Current:Home > StocksOliver James Montgomery-EPA Finds Black Americans Face More Health-Threatening Air Pollution -Infinite Edge Learning
Oliver James Montgomery-EPA Finds Black Americans Face More Health-Threatening Air Pollution
Ethermac View
Date:2025-04-07 01:16:33
Stay informed about the latest climate,Oliver James Montgomery energy and environmental justice news by email. Sign up for the ICN newsletter.
Black Americans are subjected to higher levels of air pollution than white Americans regardless of their wealth, researchers with the U.S. Environmental Protection Agency conclude.
Researchers at the EPA’s National Center for Environmental Assessment looked at facilities emitting air pollution, as well as at the racial and economic profiles of surrounding communities.
They found that black Americans were exposed to significantly more of the small pollution particles known as PM 2.5, which have been associated with lung disease, heart disease, and premature death. Most such sooty pollution comes from burning fossil fuels.
Blacks were exposed to 1.54 times more of this form of pollution—particles no larger than 2.5 microns, that lodge in lung tissue—than the population at large. Poor people were exposed to 1.35 times more, and all non-whites to 1.28 times more, according to the study, published in the American Journal of Public Health.

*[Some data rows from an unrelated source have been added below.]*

(* Suppose $(A,V,B)$ satisfies Schur-Weyl duality and $e\in B$ is an idempotent with $Ve\neq0$. Then the following are equivalent: (1) the triple $(A,Ve,eBe)$ satisfies Schur-Weyl duality; (2) every $eBe$-linear endomorphism of $Ve$ extends to a $B$-linear endomorphism of $V$ (i.e. the restriction map $\Theta_e:\operatorname{End}_B(V)\to\operatorname{End}_{eBe}(Ve)$, $\varphi\mapsto\varphi|_{Ve}$, is surjective).
   Context: $k$ is a field, $A,B$ are $k$-algebras, $V$ an $(A,B)$-bimodule. $(A,V,B)$ satisfies Schur-Weyl duality if the image of $A$ in $\operatorname{End}_k(V)$ (via $a\mapsto(v\mapsto av)$) equals $\operatorname{End}_B(V)$ and the image of $B$ (via $b\mapsto(v\mapsto vb)$) equals $\operatorname{End}_A(V)$. $Ve$ is an $(A,eBe)$-bimodule; any $B$-linear $\varphi$ satisfies $\varphi(Ve)\subseteq Ve$. *)

From HB Require Import structures.
From mathcomp Require Import all_boot all_order all_algebra.
Set Implicit Arguments. Unset Strict Implicit. Unset Printing Implicit Defensive.
Import GRing.Theory.
Local Open Scope ring_scope.

Section Bimod.
Variables (k : fieldType) (A B : algType k) (V : lmodType k).

Definition is_bimodule (la : A -> V -> V) (ra : V -> B -> V) : Prop :=
  (forall (c : k) a a' v, la (c *: a + a') v = c *: la a v + la a' v) /\
  (forall a (c : k) v w, la a (c *: v + w) = c *: la a v + la a w) /\
  (forall a a' v, la (a * a') v = la a (la a' v)) /\
  (forall v, la 1 v = v) /\
  (forall (c : k) v b b', ra v (c *: b + b') = c *: ra v b + ra v b') /\
  (forall (c : k) v w b, ra (c *: v + w) b = c *: ra v b + ra w b) /\
  (forall v b b', ra v (b * b') = ra (ra v b) b') /\
  (forall v, ra v 1 = v) /\
  (forall a v b, la a (ra v b) = ra (la a v) b).

(* Restricted setting: U is a k-subspace of V (e.g. Ve), C a subset of B
   (e.g. eBe); maps V -> V are considered as endomorphisms of U, i.e.
   only their values on U matter. *)
Definition klin_on (U : pred V) (f : V -> V) : Prop :=
  (forall u, U u -> U (f u)) /\
  (forall (c : k) u w, U u -> U w -> f (c *: u + w) = c *: f u + f w).

Definition is_EndB (ra : V -> B -> V) (U : pred V) (C : pred B) (f : V -> V)
  : Prop :=
  klin_on U f /\ (forall u b, U u -> C b -> f (ra u b) = ra (f u) b).

Definition is_EndA (la : A -> V -> V) (U : pred V) (f : V -> V) : Prop :=
  klin_on U f /\ (forall a u, U u -> f (la a u) = la a (f u)).

Definition schur_weyl (la : A -> V -> V) (ra : V -> B -> V)
    (U : pred V) (C : pred B) : Prop :=
  [/\ (forall a, is_EndB ra U C (la a)),
      (forall f, is_EndB ra U C f -> exists a, forall u, U u -> f u = la a u),
      (forall b, C b -> is_EndA la U (fun v => ra v b)) &
      (forall g, is_EndA la U g ->
          exists2 b, C b & forall u, U u -> g u = ra u b)].

End Bimod.

From HB Require Import structures.
From mathcomp Require Import all_boot all_order all_algebra.
Import GRing.Theory.
Set Implicit Arguments. Unset Strict Implicit.
Local Open Scope ring_scope.

(* The maps [v |-> v e] and [b |-> e b e] are idempotent projections onto [Ve]
   and [eBe].  Hence an [A]-endomorphism [g] of [Ve] extends to the
   [A]-endomorphism [v |-> g (v e)] of [V], which by duality on [V] is right
   multiplication by some [b], and then [g] is right multiplication by
   [e b e].  The image of [A] always consists of [eBe]-endomorphisms of [Ve],
   so the only condition left is that every [eBe]-endomorphism of [Ve] come
   from [A], i.e. from an element of [End_B(V)]: that is the extension
   property. *)

Section Corner.
Variables (k : fieldType) (A B : algType k) (V : lmodType k).
Variables (la : A -> V -> V) (ra : V -> B -> V) (e : B).

Hypothesis la_linear : forall a (c : k) v w, la a (c *: v + w) = c *: la a v + la a w.
Hypothesis ra_linear : forall (c : k) v w b, ra (c *: v + w) b = c *: ra v b + ra w b.
Hypothesis raM : forall v b b', ra v (b * b') = ra (ra v b) b'.
Hypothesis la_ra : forall a v b, la a (ra v b) = ra (la a v) b.
Hypothesis e_idem : e * e = e.

Definition corner_mod : pred V := fun v => ra v e == v.
Definition corner_alg : pred B := fun b => e * b * e == b.

Lemma corner_mod_ra v : corner_mod (ra v e).
Proof. by rewrite /corner_mod -raM e_idem. Qed.

Lemma corner_alg_proj b : corner_alg (e * b * e).
Proof. by rewrite /corner_alg -!mulrA e_idem !mulrA e_idem. Qed.

Lemma corner_alg_mulr b : corner_alg b -> b * e = b.
Proof. by move=> /eqP <-; rewrite -!mulrA e_idem. Qed.

Lemma la_is_EndB_corner a : is_EndB ra corner_mod corner_alg (la a).
Proof.
split; [split|].
- by move=> u /eqP Hu; rewrite /corner_mod -la_ra Hu.
- by move=> c u w _ _; apply: la_linear.
- by move=> u b _ _; apply: la_ra.
Qed.

Lemma ra_is_EndA_corner b : corner_alg b -> is_EndA la corner_mod (ra^~ b).
Proof.
move=> Cb; split; [split|].
- by move=> u _; rewrite /corner_mod -raM corner_alg_mulr.
- by move=> c u w _ _; apply: ra_linear.
- by move=> a u _; rewrite la_ra.
Qed.

Lemma EndA_corner_extend g :
  is_EndA la corner_mod g -> is_EndA la predT (fun v => g (ra v e)).
Proof.
move=> [[_ g_lin] g_la]; split; [split|] => //.
- by move=> c u w _ _; rewrite ra_linear g_lin ?corner_mod_ra.
- by move=> a u _; rewrite -la_ra g_la ?corner_mod_ra.
Qed.

Lemma EndA_corner_ra :
  schur_weyl la ra predT predT ->
  forall g, is_EndA la corner_mod g ->
  exists2 b, corner_alg b & forall u, corner_mod u -> g u = ra u b.
Proof.
move=> [_ _ _ sw_ra] g Hg; have [[g_stable _] _] := Hg.
have [b _ Hb] := sw_ra _ (EndA_corner_extend Hg).
exists (e * b * e); first exact: corner_alg_proj.
move=> u /eqP Hu.
by rewrite !raM Hu -Hb //= Hu; apply/esym/eqP/g_stable/eqP.
Qed.

Lemma EndB_la_iff_extend (U : pred V) (C : pred B) :
  schur_weyl la ra predT predT ->
  (forall g, is_EndB ra U C g -> exists a, forall u, U u -> g u = la a u) <->
  (forall g, is_EndB ra U C g ->
     exists2 f, is_EndB ra predT predT f & forall u, U u -> f u = g u).
Proof.
move=> [la_EndB sw_la _ _]; split=> Hext g Hg.
- have [a Ha] := Hext g Hg.
  by exists (la a) => // u /Ha ->.
- have [f Hf Hfg] := Hext g Hg; have [a Ha] := sw_la f Hf.
  by exists a => u Hu; rewrite -Hfg // Ha.
Qed.

End Corner.

Theorem lemma2 (k : fieldType) (A B : algType k) (V : lmodType k)
    (la : A -> V -> V) (ra : V -> B -> V) (e : B) :
  is_bimodule la ra ->
  schur_weyl la ra predT predT ->
  e * e = e ->
  (exists v : V, ra v e != 0) ->
  let Ve : pred V := fun v => ra v e == v in
  let eBe : pred B := fun b => e * b * e == b in
  schur_weyl la ra Ve eBe <->
  (forall g, is_EndB ra Ve eBe g ->
     exists2 f, is_EndB ra predT predT f & forall u, Ve u -> f u = g u).
Proof.
move=> [_ [la_lin [_ [_ [_ [ra_lin [raM [_ la_ra]]]]]]]] sw e_idem _ Ve eBe.
have sw_la_iff := EndB_la_iff_extend Ve eBe sw.
split=> [[_ sw_la_corner _ _] | Hext]; first exact/sw_la_iff.
split.
- exact: la_is_EndB_corner.
- exact/sw_la_iff.
- exact: ra_is_EndA_corner.
- exact: EndA_corner_ra.
Qed.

“The new study from EPA researchers confirms that race, not poverty, is the strongest predictor of exposure to health-threatening particulate matter, especially for African Americans,” said Robert Bullard, a professor of urban planning and environmental policy and administration of justice at Texas Southern University, who was not involved in the research.

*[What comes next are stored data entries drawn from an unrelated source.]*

(* semistandard Young tableau of shape nu, entries in {1,...,N+1} *)
Definition is_ssyt (N : nat) (nu : seq nat) (T : tableau) : bool :=
  [&& map size T == nu,
      all (fun r => sorted leq r) T,
      all (fun r => all (fun x => (1 <= x) && (x <= N.+1)) r) T &
      all (fun k => all (fun j => nth 0 (nth [::] T k) j < nth 0 (nth [::] T k.+1) j)
                        (iota 0 (size (nth [::] T k.+1))))
          (iota 0 (size T).-1)].

Definition B (N : nat) (nu : seq nat) : pred tableau := fun T => is_ssyt N nu T.

Definition reading_word (T : tableau) : seq nat := flatten (rev T).

(* position (in the word) of the rightmost unmatched ")" = letter i, where
   i+1 is "(" and i is ")"; [op] counts currently unmatched "(" . *)
Fixpoint rum_pos (i : nat) (w : seq nat) (k op : nat) (acc : option nat)
  : option nat :=
  match w with
  | [::] => acc
  | x :: w' =>
      if x == i then
        (if 0 < op then rum_pos i w' k.+1 op.-1 acc
         else rum_pos i w' k.+1 op (Some k))
      else if x == i.+1 then rum_pos i w' k.+1 op.+1 acc
      else rum_pos i w' k.+1 op acc
  end.

(* crystal lowering operator F_i; None stands for 0 *)
Definition F (i : nat) (T : tableau) : option tableau :=
  let w := reading_word T in
  match rum_pos i w 0 0 None with
  | None => None
  | Some p => Some (rev (reshape (map size (rev T)) (set_nth 0 w p i.+1)))
  end.

Definition step (N : nat) : relation tableau :=
  fun T U => exists i, 1 <= i <= N /\ F i T = Some U.

Definition le_B (N : nat) : relation tableau := clos_refl_trans tableau (step N).

Definition is_lattice (P : pred tableau) (le : relation tableau) : Prop :=
  forall T U, P T -> P U ->
    (exists J, [/\ P J, le T J, le U J &
                   forall V, P V -> le T V -> le U V -> le J V]) /\
    (exists M, [/\ P M, le M T, le M U &
                   forall V, P V -> le V T -> le V U -> le V M]).

(* The counts [cnt_gt k T] of entries of T exceeding k grade the crystal:
   F_i raises the i-th count by one and fixes the others.  Hence comparable
   tableaux with equal counts coincide, every F_i-step is a cover, and
   T <= U is an F_i-step as soon as the counts of U exceed those of T by one
   in the single coordinate i.
   With this, two explicit tableaux T, U in B^4 of shape (3,2,1,1) (resp.
   (3,3,2,1)) have two upper bounds V1, V2 with nothing between {T, U} and
   {V1, V2}, so T and U have no join.  A general shape (3^s, core, 1^b) is
   reduced to the core by filling the first s rows with 1, ..., s and the last
   b rows with s+6, ..., s+b+5: the operators F_(s+1), ..., F_(s+4) do not
   see these letters and act on the core shifted by s. *)

From Stdlib Require Import Relations.
From mathcomp Require Import all_boot zify.
Set Implicit Arguments. Unset Strict Implicit. Unset Printing Implicit Defensive.

Lemma set_nth_cat_ltn T (x0 : T) u v p y : p < size u ->
  set_nth x0 (u ++ v) p y = set_nth x0 u p y ++ v.
Proof. by elim: u p => [|x u IH] [|p] //= /IH ->. Qed.

Lemma set_nth_cat_size T (x0 : T) u v p y :
  set_nth x0 (u ++ v) (size u + p) y = u ++ set_nth x0 v p y.
Proof. by elim: u => [|x u IH] /=; rewrite ?add0n ?addSn ?IH. Qed.

Lemma map_set_nth T S (f : T -> S) x0 x1 w p y : p < size w ->
  map f (set_nth x0 w p y) = set_nth x1 (map f w) p (f y).
Proof. by elim: w p => [|x w IH] [|p] //= /IH ->. Qed.

Lemma reshape_cat T sh1 sh2 (s1 s2 : seq T) : sumn sh1 = size s1 ->
  reshape (sh1 ++ sh2) (s1 ++ s2) = reshape sh1 s1 ++ reshape sh2 s2.
Proof.
elim: sh1 s1 => [|k sh IH] s1 /=; first by case: s1.
move=> sz_s1; have le_k : k <= size s1 by rewrite -sz_s1 leq_addr.
rewrite takel_cat // drop_cat; case: ltnP => [_|ge_k].
  by rewrite IH // size_drop -sz_s1 addKn.
have eq_k : k = size s1 by apply/eqP; rewrite eqn_leq le_k.
rewrite eq_k subnn drop0 drop_size take_size.
by rewrite -[s2]cat0s IH //=; lia.
Qed.

(** * The operators F_i on words and tableaux *)

Definition inert (i : nat) (w : seq nat) : bool :=
  all (fun x => (x != i) && (x != i.+1)) w.

Lemma rum_posP i w k op acc p :
  rum_pos i w k op acc = Some p ->
  acc = Some p \/ k <= p < k + size w /\ nth 0 w (p - k) = i.
Proof.
elim: w k op acc => [|x w IH] k op acc /=; first by left.
have IHS op' acc' : rum_pos i w k.+1 op' acc' = Some p ->
    acc' = Some p \/ k <= p < k + (size w).+1 /\ nth 0 (x :: w) (p - k) = i.
  case/IH=> [|[/andP[lt_kp lt_p] w_p]]; first by left.
  by right; rewrite -(subnSK lt_kp) addnS ltnW.
case: ifP => [/eqP eq_xi|_]; last by case: ifP => _ /IHS.
case: ifP => _ /IHS // [[<-]|]; right => //.
by rewrite subnn eq_xi leqnn addnS ltnS leq_addr.
Qed.

Lemma rum_pos_inert i w k op acc : inert i w -> rum_pos i w k op acc = acc.
Proof.
elim: w k op => [|x w IH] k op //=.
by case/andP => /andP [/negbTE -> /negbTE ->] /IH ->.
Qed.

Lemma rum_pos_cat_inertl i u w k op acc : inert i u ->
  rum_pos i (u ++ w) k op acc = rum_pos i w (k + size u) op acc.
Proof.
elim: u k => [|x u IH] k /=; first by rewrite addn0.
by case/andP => /andP [/negbTE -> /negbTE ->] /IH ->; rewrite addnS.
Qed.

Lemma rum_pos_cat_inertr i w v k op acc : inert i v ->
  rum_pos i (w ++ v) k op acc = rum_pos i w k op acc.
Proof.
move=> v_inert; elim: w k op acc => [|x w IH] k op acc /=.
  exact: rum_pos_inert.
by rewrite !IH.
Qed.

More Evidence of the Need for Regulations
Bullard said the research is the latest in a “long list” of studies that show people of color, as well as poor communities, bear the brunt of the nation’s pollution problem.
“This study points to the need for equal protection and equal enforcement—rather than fewer regulations and dismantling of environmental laws,” Bullard said.
The study found that non-whites face higher exposure to particulate pollution than whites in all but four states and Washington, D.C. People of color living in Indiana and Alabama are exposed to roughly twice as much PM 2.5 pollution as white people.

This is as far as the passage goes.